Last edited: Aug 29, 2006
5. Aug 29, 2006

### mtanti

Hmm maybe it was a little to simple to apply it to numbers. So what you said is that:

Since a/b is of 1 and cannot be of any other number, you must first break the number X into a series of 1s, find a/b of each one, and then add them all up.

The background process is:
a/b + a/b + a/b + a/b + ... for X times which basically is a/b * X.
Good reasoning?

Another important point is that you are both finding the multiplication of a/b for X times and finding an [a/b]th of X.

However this cannot be applied when multiplying 2 fractions because the natural way of multiplication (addition for X times) doesn't make sense with 2 fractions. What does multiplication do then?

6. Aug 29, 2006

### Staff: Mentor

I don't understand your confusion. Multiplication and division and fractions are very straightforward. What exactly is your question? Can you give a concrete example of a situation that confuses you?

7. Aug 29, 2006

### mtanti

You see, mathematics is a subject which it taught terribly. You only start to learn it properly at university level. I want to know what happens when you multiply 2 fractions together. The bare facts, not just the rules to multiply, what are you finding? A fraction of a fraction, but why is that so?

8. Aug 29, 2006

### Staff: Mentor

Yeah, a fraction of a fraction. Think of the example of a pie chart (or the pizza example earlier). First you take half of the whole by multiplying 1/1 by 1/2. Then you can take half of what remains by multiplying 1/2 by 1/2 to get 1/4. Then you could get back to the whole again by multiplying 1/4 by 4/1 (4). Don't get too hung up on this. What other math subjects are you studying now?

9. Aug 29, 2006

### Swapnil

It seems to me that you are asking very philosophical questions. The question you are asking alludes to the fact that do all the mathematical operations need to have a "physical meaning" in one way or the other.

This is a very deep philosophical question. I think a college-level course in Philosophy of Mathematics would be the best for a person of such an intellect like yourself (that is if you are interested and your college offers such a course :tongue: ).

Personally, if I go from one mathematical equation to another using rules of aritmetic, algebra, trignometry, calculus, etc to another form, I don't worry about if the operations that I am doing have a physical meaning at EACH step. As long as the starting step and the ending step have a physical meaning, I am satisfied.

10. Aug 29, 2006

### mtanti

Thanks for the compliment Swapnil, if it was a compliment that is... But yeah I believe that mathematics must be taught that way, knowing exactly what you are doing before doing it if you are to understand the subject. I didn't understand what LCM was until recently and I've been using it for years!
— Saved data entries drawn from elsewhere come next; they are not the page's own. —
(* Let $V$ be a finite nonempty set and $f:\{0,1\}^V\to\{0,1\}^V$. Then $f$ is positive-circular if and only if $f$ is a 2-critical and-net.
   Context: For nonempty $I\subseteq V$ and $z\in\{0,1\}^{V\setminus I}$, the subnetwork of $f$ induced by $z$ is $h:\{0,1\}^I\to\{0,1\}^I$ with $h(x|_I)=f(x)|_I$ for all $x$ whose restriction to $V\setminus I$ is $z$; a strict subnetwork is one different from $f$. $f$ is 2-critical if it has at least two fixed points and every strict subnetwork has at most one fixed point. For $x^{j\alpha}$ the point equal to $x$ except its $j$-component is $\alpha$, the global interaction graph $G(f)$ is the signed digraph on $V$ with a positive (resp. negative) arc from $j$ to $i$ iff $f_i(x^{j1})-f_i(x^{j0})=1$ (resp. $=-1$) for at least one $x$. $f$ is an and-net if $G(f)$ has at most one arc from $j$ to $i$ for all $i,j$ and for every $i$ and $x$: $f_i(x)=1$ iff $G(f)$ has no positive arc $j\to i$ with $x_j=0$ and no negative arc $j\to i$ with $x_j=1$. A cycle is a subgraph with at most one arc between any ordered pair whose underlying unsigned digraph is a directed cycle; positive if it has an even number of negative arcs. $f$ is positive-circular if $G(f)$ itself is a positive cycle through all vertices of $V$. *)

From mathcomp Require Import all_boot.
Set Implicit Arguments. Unset Strict Implicit. Unset Printing Implicit Defensive.

Section BN.
Variable T : finType.
Notation conf := {ffun T -> bool}.
Implicit Types (f : conf -> conf) (x z : conf) (I : {set T}).

Definition setc x (j : T) (a : bool) : conf := [ffun k => if k == j then a else x k].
The only mathematics which is purely practicle is the natural number mathematics... As soon as you get negatives it starts getting wierd and when you use real numbers it gets worse. When you learn complex numbers you're just plain lost!
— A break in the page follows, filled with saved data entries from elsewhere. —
Lemma r_eta_derive eta th : 0 < eta -> sin th < 0 ->
  is_derive (r_eta eta) th
    (cos th * (1 - r_eta eta th ^ 2) * r_eta eta th / (sin th * (1 + r_eta eta th ^ 2))).
Proof.
  intros Heta Hs. destruct (r_eta_props eta th Heta Hs) as [Hr Hrel].
  assert (HS : sqrt (eta ^ 2 + 4 * sin th ^ 2) = eta - 2 * r_eta eta th * sin th)
    by (unfold r_eta; field; lra).
  unfold r_eta at 1. auto_derive.
  { split; [nra | split; [| exact I]]. nra. }
  replace (eta * (eta * 1) + 4 * (sin th * (sin th * 1))) with (eta ^ 2 + 4 * sin th ^ 2) by ring.
  rewrite HS.
  set (r := r_eta eta th) in *. set (s := sin th) in *.
  assert (Heta' : eta = s * (r ^ 2 - 1) / r) by (rewrite Hrel; field; lra).
  rewrite Heta'. field. repeat split; nra.
Qed.

Lemma Arg_pos_im x y : 0 < y -> Arg x y = PI / 2 - atan (x / y).
Proof.
  intros Hy. unfold Arg.
  destruct (Rlt_dec 0 x) as [Hx | Hx].
  { replace (y / x) with (/ (x / y)) by (field; lra).
    rewrite atan_inv; [lra | apply Rdiv_lt_0_compat; lra]. }
  destruct (Rlt_dec x 0) as [Hx' | Hx'].
  - destruct (Rle_dec 0 y) as [_ | Hy']; [| lra].
    replace (y / x) with (- / (- x / y)) by (field; lra).
    rewrite atan_opp, atan_inv by (apply Rdiv_lt_0_compat; lra).
    replace (- x / y) with (- (x / y)) by (field; lra). rewrite atan_opp. lra.
  - replace x with 0 by lra. destruct (Rlt_dec 0 y); [| lra].
    unfold Rdiv. rewrite Rmult_0_l, atan_0. lra.
Qed.

Lemma Arg_pos_re x : 0 < x -> Arg x 0 = 0.
Proof.
  intros Hx. unfold Arg. destruct (Rlt_dec 0 x); [| lra].
  unfold Rdiv. rewrite Rmult_0_l. apply atan_0.
Qed.

Lemma Arg_conj x y : 0 < x \/ y <> 0 -> Arg x (- y) = - Arg x y.
Proof.
  intros H. unfold Arg.
  assert (E : atan (- y / x) = - atan (y / x))
    by (unfold Rdiv; rewrite Ropp_mult_distr_l_reverse; apply atan_opp).
  rewrite E.
  destruct (Rlt_dec 0 x); [reflexivity |].
  destruct (Rlt_dec x 0).
  - destruct (Rle_dec 0 (- y)), (Rle_dec 0 y); destruct H; lra.
  - destruct (Rlt_dec 0 (- y)), (Rlt_dec 0 y), (Rlt_dec (- y) 0), (Rlt_dec y 0);
      destruct H; lra.
Qed.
OK, but that still doesn't explain what is happening during the 1/2 * 1/2 process... You are adding a 1/2 by itself for 1/2 a time. Wierd statement I say. Can anyone help out?

11. Aug 30, 2006

### uart

What's wrong with simply considering multiplication as meaning "lots of", that's how I teach it to under 10 year olds. 4 x 2 means 4 lots of 2, 1/2 x 1/2 means one half a lot of one half. Come on, its as easy as falling off a log.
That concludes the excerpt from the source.